How can this be? How could I have become addicted to e-mail?

Well, very easily, it turns out. And I'm by no means the only one. When AOL surveyed 4,000 people aged 14 or over about e-mail addiction in 2008, 67 per cent admitted that they had opened an e-mail in bed, in their pyjamas.

Why?

Neurologists have discovered that the relationship between recipients and their e-mails is very similar to that between gamblers and slot machines. That's why so many people now half-jokingly talk about their 'crackberry'.

Both e-mails and slot machines are addictive. Both work on a principle called 'variable interval reinforcement schedule'. Tom Stafford, a psychology lecturer from the University of Sheffield explains: "This means that rather than reward an action every time it is performed, you reward it sometimes, but not in a predictable way."

This unpredictability makes e-mail an even more powerful way to train behaviour than standard Pavlovian behavioural approaches. In order to get the reward we crave - gossip, or a prize, or an invitation - we need to keep checking our e-mails.

And the lesson that slot machines teach us is that if we didn't win last time, we might well win next time. We just have to pull the lever. And keep on pulling.

It's a physical rather than a psychological phenomenon. When we win, or receive an e-mail, the part of the brain known as the anterior cingulate that appears to control bodily functions such as breathing and heartbeat as well as rational decision making is flooded with dopamine.

When we don't, the anterior cingulate craves its hit of dopamine. So it keeps on telling us to keep on checking our e-mails, in the hope that something new comes through.

It's not just e-mail though. Social networks such as Facebook work on the same principle. They teach us to crave contact and stimulation and to actively seek it out.

This craving can easily be exploited by individuals or brands. Indeed it's one of the reasons why we are so ready to hand over our data in the first place: in order to receive the illusory reward of a dopamine hit. I once worked with a woman who received 700 Facebook notification e-mails in a single month. Needless to say, she didn't get much work done... I currently work with someone who has begged a second screen from the IT department specifically for her e-mails, just to make sure she can get to them as soon as they arrive.

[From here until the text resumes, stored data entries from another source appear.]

Lemma e13_e12 : e13 * e12 = e12 * e23.
Proof.
rewrite !e_powmean // ratio13 powmeanC ?powmean_mulM ?ratio_expd //.
  exact: commr_ratio.
by apply/commr_sym/commrM; [apply: commr_refl | apply: commr_ratio].
Qed.

Lemma e13_e23 : e13 * e23 = e12 * e23.
Proof.
rewrite !e_powmean // ratio13 [ratio 1 2 * _]commr_ratio.
rewrite powmeanC ?powmean_mulM ?ratio_expd //.
- by rewrite powmeanC //; apply/commr_sym/commr_ratio.
- by apply/commr_sym/commr_ratio.
- by apply/commr_sym/commrM; [apply: commr_refl | apply/commr_sym/commr_ratio].
Qed.

Lemma e23_e12 : e23 * e12 = e12 * e23.
Proof. by rewrite !e_powmean // powmeanC //; apply/commr_sym/commr_ratio. Qed.

Lemma e23_e13 : e23 * e13 = e12 * e23.
Proof.
rewrite !e_powmean // ratio13 [ratio 1 2 * _]commr_ratio powmean_mulM ?ratio_expd //.
  by rewrite powmeanC //; apply/commr_sym/commr_ratio.
by apply/commr_sym/commr_ratio.
Qed.

Lemma e23_e12e23 : e23 * (e12 * e23) = e12 * e23.
Proof. by rewrite mulrA e23_e12 -mulrA !e_powmean // powmean_idem ?ratio_expd. Qed.

Lemma c12_factor : c = T * g12 g.
Proof.
rewrite /c12.
under eq_bigr => a _ do under eq_bigr => b _ do rewrite -mulr_suml -mulr_sumr.
under eq_bigr => a _ do rewrite -!mulr_suml -mulr_sumr.
by rewrite -!mulr_suml.
Qed.

Lemma commr_powsum_t i j : (1 <= i <= 3)%N -> (1 <= j <= 3)%N ->
  GRing.comm (powsum d (t i)) (powsum d (t j)).
Proof. by move=> i3 j3; apply/commr_powsum/commr_sym/commr_powsum/t_comm. Qed.
Lemma bessel_series_cvg (m : int) :
  series (fun b => bessel_term x (m + b%:Z) b) @ \oo --> besselI m (2 * x).
Proof.
have cv : cvgn (series (fun b => bessel_term x (m + b%:Z) b)).
  by apply: (@normed_cvg _ R^o); exact: bessel_series_abs_cvg.
rewrite /besselI [2 * x]mulrC mulfK ?pnatr_eq0 //.
case: m cv => [u|u] cv.
- suff -> : (fun n => x ^+ (2 * n + `|Posz u|) / (n`! * (n + `|Posz u|)`!)%:R) =
            (fun b => bessel_term x (Posz u + b%:Z) b) by [].
  apply: funext => b; rewrite -PoszD /bessel_term /= [(b`! * _)%N]mulnC (addnC b u).
  by congr (x ^+ _ / _); lia.
- (* Only the terms with b > u are nonzero; shifting by u.+1 gives the series of I_{u+1}. *)
  pose T n := x ^+ (2 * n + `|Negz u|) / (n`! * (n + `|Negz u|)`!)%:R.
  have T_shift : (fun n => series (fun b => bessel_term x (Negz u + b%:Z) b) (n + u.+1)) =
                 series T.
    apply: funext => n; rewrite /series /= (@big_cat_nat _ _ _ u.+1 0 (n + u.+1)) //=;
      last by rewrite leq_addl.
    rewrite big_nat_cond big1 ?add0r; last first.
      move=> b /andP [/andP [_ bu] _].
      by rewrite (_ : Negz u + b%:Z = Negz (u - b)) //; rewrite NegzE; lia.
    rewrite -{1}[u.+1]add0n big_addn addnK; apply: eq_bigr => b _.
    rewrite (_ : Negz u + (b + u.+1)%N%:Z = Posz b); last by rewrite NegzE; lia.
    by rewrite /bessel_term /T /= mulnC; congr (x ^+ _ / (_ * _)%:R); lia.
  have cT : series T @ \oo --> limn (series (fun b => bessel_term x (Negz u + b%:Z) b)).
    by rewrite -T_shift (cvg_shiftn u.+1).
  by rewrite (cvg_lim _ cT).
Qed.

End BesselSeries.

Lemma Z_term_signed_cauchy_coef (R : realType) (x : R) d (mu lam : 'I_d -> int) W n k :
  inW mu -> inW lam -> count isL W = n -> count isR W = (n + k)%N ->
  k%:Z = \sum_i lam i - \sum_i mu i ->
  (Z W mu lam)%:R * x ^+ (2 * n + k) / (n`! * (n + k)`!)%:R =
  \sum_(p : 'S_d) (-1) ^+ p *
    cauchy_coef (fun i b => bessel_term x (lam i - mu (p i) + b%:Z) b) n.
Proof.
move=> muW lamW cL cR k_eq.
rewrite /Z (nwalks_signed R) // /signed_walks -mulrA mulr_suml; apply: eq_bigr => p _.
rewrite -mulrA; congr (_ * _).
have -> : x ^+ (2 * n + k) / (n`! * (n + k)`!)%:R =
          bessel_term x (count isR (rev W)) (count isL (rev W)).
  by rewrite !count_rev cL cR /bessel_term [(n`! * _)%N]mulnC; congr (x ^+ _ / _); lia.
(* [walk_coef n.+1 n (perm_vertex p mu) lam] is convertible to the Cauchy coefficient. *)
rewrite (free_walks_coef x (K := n.+1)) !count_rev ?cL //.
rewrite sumrB.
have -> : \sum_i perm_vertex p mu i = \sum_i mu i by rewrite [RHS](reindex_inj (@perm_inj _ p)).
by rewrite -k_eq cR; lia.
Qed.

Theorem proposition4 (Rt : realType) (d : nat) (mu lam : 'I_d -> int)
  (W : nat -> seq letter) (x : Rt) :
  (0 < d)%N -> inW mu -> inW lam -> rank mu <= rank lam ->
  (forall n, count isL (W n) = n /\
             count isR (W n) = (n + `|rank lam - rank mu|)%N) ->
  series (fun n : nat =>
     (Z (W n) mu lam)%:R * x ^+ (2 * n + `|rank lam - rank mu|)%N
       / ((n`! * (n + `|rank lam - rank mu|)`!)%N)%:R)
    @ \oo --> \det (\matrix_(i < d, j < d) besselI (lam i - mu j) (2 * x)).
Proof.
move=> _ muW lamW rank_le W_count.
set k := `|rank lam - rank mu|%N.
have k_eq : k%:Z = \sum_i lam i - \sum_i mu i.
  by rewrite /k gez0_abs ?subr_ge0 // /rank; ring.
pose g (p : 'S_d) i b := bessel_term x (lam i - mu (p i) + b%:Z) b.
have -> : series (fun n => (Z (W n) mu lam)%:R * x ^+ (2 * n + k) / (n`! * (n + k)`!)%:R) =
          (fun N => \sum_(p : 'S_d) (-1) ^+ p * series (cauchy_coef (g p)) N).
  apply: funext => N; rewrite /series /=.
  under eq_bigr => n _ do
    rewrite (Z_term_signed_cauchy_coef x muW lamW (W_count n).1 (W_count n).2 k_eq).
  by rewrite exchange_big /=; apply: eq_bigr => p _; rewrite mulr_sumr.
rewrite /determinant; apply: (@cvg_big Rt _ +%R 0 xpredT (@add_continuous Rt)) => p _.
apply: cvgMr; under eq_bigr do rewrite mxE.
have -> : \prod_i besselI (lam i - mu (p i)) (2 * x) = \prod_i limn (series (g p i)).
  by apply: eq_bigr => i _; rewrite (cvg_lim _ (@bessel_series_cvg _ x _)).
by apply: cvg_series_cauchy_coef => i; exact: bessel_series_abs_cvg.
Qed.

Like a cigarette though, one hit is never enough. Martin Amis once observed that 'the only problem with smoking a fag is that you can't light up another one at the same time.'

In the same way, any dopamine reward only serves to make you crave the next one. And to suffer inordinately when you cannot get it.

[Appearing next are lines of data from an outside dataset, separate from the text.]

Lemma delannoy_power_sum_congr p v z : prime p -> odd p -> coprimez p z ->
  ratcong p ((\sum_(k < p) ((2 * k + 1) ^ (2 * v))%N%:R * delannoy k z : int)%:~R)
            (cc z v * (legendre (- z) p)%:~R).
Proof.
move=> pr_p odd_p pz_coprime.
have pNz : ~~ (p%:Z %| - z)%Z.
  rewrite dvdzE abszN -dvdzE; apply: contraTN pz_coprime => p_dvd_z.
  have : (p%:Z %| gcdz p z)%Z by rewrite dvdz_gcd dvdzz p_dvd_z.
  by apply: contraL => /eqP ->; rewrite dvdz1 /= gtn_eqF ?prime_gt1.
have z_neq0 : z != 0 by apply: contraNneq pNz => ->; rewrite oppr0 dvdz0.
set S : int := \sum_(k < p) _; set L := legendre (- z) p.
have SF : (S%:~R : 'F_p) = delannoy_power_sum 'F_p p z v.
  by rewrite rmorph_sum; apply: eq_bigr => k _; rewrite rmorphM rmorph_nat natrX.
have LF : (L%:~R : 'F_p) = (- z%:~R) ^+ p./2 by rewrite legendre_Fp // rmorphN.
rewrite /ratcong; apply: (@dvdz_numq_scaled _ _ (z ^+ v) (z ^+ v * S - cc_num z v * L)).
- by apply: coprimezXr.
- rewrite (dvdz_pcharf (pchar_Fp pr_p)) intrB !intrM rmorphXn SF LF.
  by rewrite delannoy_power_sum_scaled // ?pchar_Fp // subrr.
- by rewrite intrB !intrM rmorphXn -(cc_scaled z_neq0); ring.
Qed.

Theorem theorem1p2 (p : nat) (v : nat) (z : int) :
  prime p -> odd p -> z != 0 -> z != -1 ->
  ((gcdz p%:Z z == 1)%N ->
     ratcong p ((\sum_(k < p) ((2 * k + 1) ^ (2 * v))%N%:R * delannoy k z : int)%:~R)
               (cc z v * (legendre (- z) p)%:~R)) /\
  ((gcdz p%:Z (z + 1) == 1)%N ->
     ratcong p ((\sum_(k < p) (-1) ^+ k * ((2 * k + 1) ^ (2 * v))%N%:R * delannoy k z : int)%:~R)
               (cct z v * (legendre (z + 1) p)%:~R)).
Proof.
(* z != 0 and z != -1 already follow from the coprimality hypotheses. *)
move=> pr_p odd_p _ _; split; first exact: delannoy_power_sum_congr.
move=> pz1_coprime; have reflect_z : -1 - z = - (z + 1) by ring.
have := @delannoy_power_sum_congr p v (-1 - z) pr_p odd_p.
rewrite reflect_z /coprimez gcdzN opprK => /(_ pz1_coprime).
rewrite (_ : cc (- (z + 1)) v = cct z v); last by rewrite /cc /cct intrN invrN.
congr (ratcong _ _%:~R _); apply: eq_bigr => k _.
by rewrite -reflect_z delannoy_reflect; ring.
Qed.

Witness the reaction in any organisation when the e-mail server goes down. Pandemonium isn't in it.

And yet how much of this chaos is caused by business communications?

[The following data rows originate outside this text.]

(* Fix a constant $c\in[0,1)$. Consider the family of instances indexed by $N\ge 2$ and a marked element $i^*\in[N]$: $A=E=\mathbb{C}^N$, $B=E'=\mathbb{C}^2$, $\sigma_A=I/N$, $f(i)=1$ iff $i=i^*$ (else $0$), and $U^{\mathcal{N}}_{E'A\to EB}|b\rangle_{E'}|i\rangle_A=|i\rangle_E|b\oplus f(i)\rangle_B$, so that $V^{\mathcal{N}}=U^{\mathcal{N}}|0\rangle_{E'}$ is an isometric extension of the channel $\mathcal{N}(\rho)=\sum_i\langle i|\rho|i\rangle|f(i)\rangle\langle f(i)|$; here $d_E=N$ and $\mathcal{N}(\sigma_A)$ has smallest eigenvalue $1/N$, so $\kappa_{\mathcal{N}(\sigma)}=N$. Any quantum algorithm that, given black-box access to $U^{\mathcal{N}}$ (and its inverse) for an unknown $i^*$, implements a channel $\tilde{\mathcal{P}}_{B\to A}$ with $\|\tilde{\mathcal{P}}-\mathcal{P}^{\sigma,\mathcal{N}}_{B\to A}\|_\diamond\le c$ for every such instance must use $U^{\mathcal{N}}$ at least $\Omega(\sqrt N)$ times in the worst case. Equivalently, for every $\alpha\in[0,\tfrac12]$ the number of uses is $\Omega\big(d_E^{1/2-\alpha}\kappa_{\mathcal{N}(\sigma)}^{\alpha}\big)$.
   Context: The Petz recovery channel of $\sigma_A$ and $\mathcal{N}_{A\to B}$ is $\mathcal{P}^{\sigma,\mathcal{N}}_{B\to A}(\omega_B):=\sigma_A^{1/2}\,\mathcal{N}^\dagger\!\big(\mathcal{N}(\sigma_A)^{-1/2}\,\omega_B\,\mathcal{N}(\sigma_A)^{-1/2}\big)\,\sigma_A^{1/2}$, where $\mathcal{N}^\dagger$ is the Hilbert–Schmidt adjoint of $\mathcal{N}$. $\|\cdot\|_\diamond$ is the diamond norm. Each use of $U^{\mathcal{N}}$ or its inverse corresponds to one query to the standard search oracle $|i\rangle|b\rangle\mapsto|i\rangle|b\oplus f(i)\rangle$. *)

From mathcomp Require Import all_boot all_algebra.
From mathcomp Require Import reals.
From mathcomp.real_closed Require Import complex.
From Stdlib Require Import ClassicalEpsilon.
Import GRing.Theory Num.Theory.

Set Implicit Arguments.
Unset Strict Implicit.
Unset Printing Implicit Defensive.

Local Open Scope ring_scope.

Section LinAlg.
Variable R : realType.
Local Notation C := (R[i]).

(* Linear operators from C^J to C^I, as I x J matrices indexed by finite types
   (rows I = output system, columns J = input system). *)
Definition op (I J : finType) := I -> J -> C.

Definition mulop (I J K : finType) (A : op I J) (B : op J K) : op I K :=
  fun i k => \sum_j A i j * B j k.
Definition adjop (I J : finType) (A : op I J) : op J I :=
  fun j i => (A i j)^*.
Definition idop (I : finType) : op I I := fun i j => (i == j)%:R.
Definition trop (I : finType) (A : op I I) : C := \sum_i A i i.
Definition tensop (I J K L : finType) (A : op I J) (B : op K L) : op (I * K)%type (J * L)%type :=
  fun p q => A p.1 q.1 * B p.2 q.2.
Definition ptr1 (K I : finType) (X : op (K * I)%type (K * I)%type) : op I I :=
  fun i i' => \sum_k X (k, i) (k, i').
Definition ptr2 (I K : finType) (X : op (I * K)%type (I * K)%type) : op I I :=
  fun i i' => \sum_k X (i, k) (i', k).

Definition isometry (I J : finType) (V : op I J) := mulop (adjop V) V = @idop J.
Definition unitary (I : finType) (U : op I I) :=
  mulop (adjop U) U = @idop I /\ mulop U (adjop U) = @idop I.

Very little, I'd estimate.

The peak time for Facebook usage appears to be in the middle of Monday afternoon, rather than over a weekend or out of office hours.

So e-mail addiction is no longer simply a personal issue. It's a business one. The tool that was going to free us has enslaved us. And is costing our businesses time. And time, for most of the organisations we work for, is money.

This is why a number of companies - Mercedes Benz among them - are placing restrictions on their employees' use of Facebook during working time. It's not such a bad idea - especially when you consider that it's actually a liberation, rather than a restriction. After all, we don't tend to supply our employees with other addictive substances during working hours, do we?

I know what I'll be doing next time I'm off on holiday. I'll be leaving my e-mail off. And I'll be encouraging my colleagues to do the same. After that, I'm thinking of setting up e-free periods during the working day in the creative department.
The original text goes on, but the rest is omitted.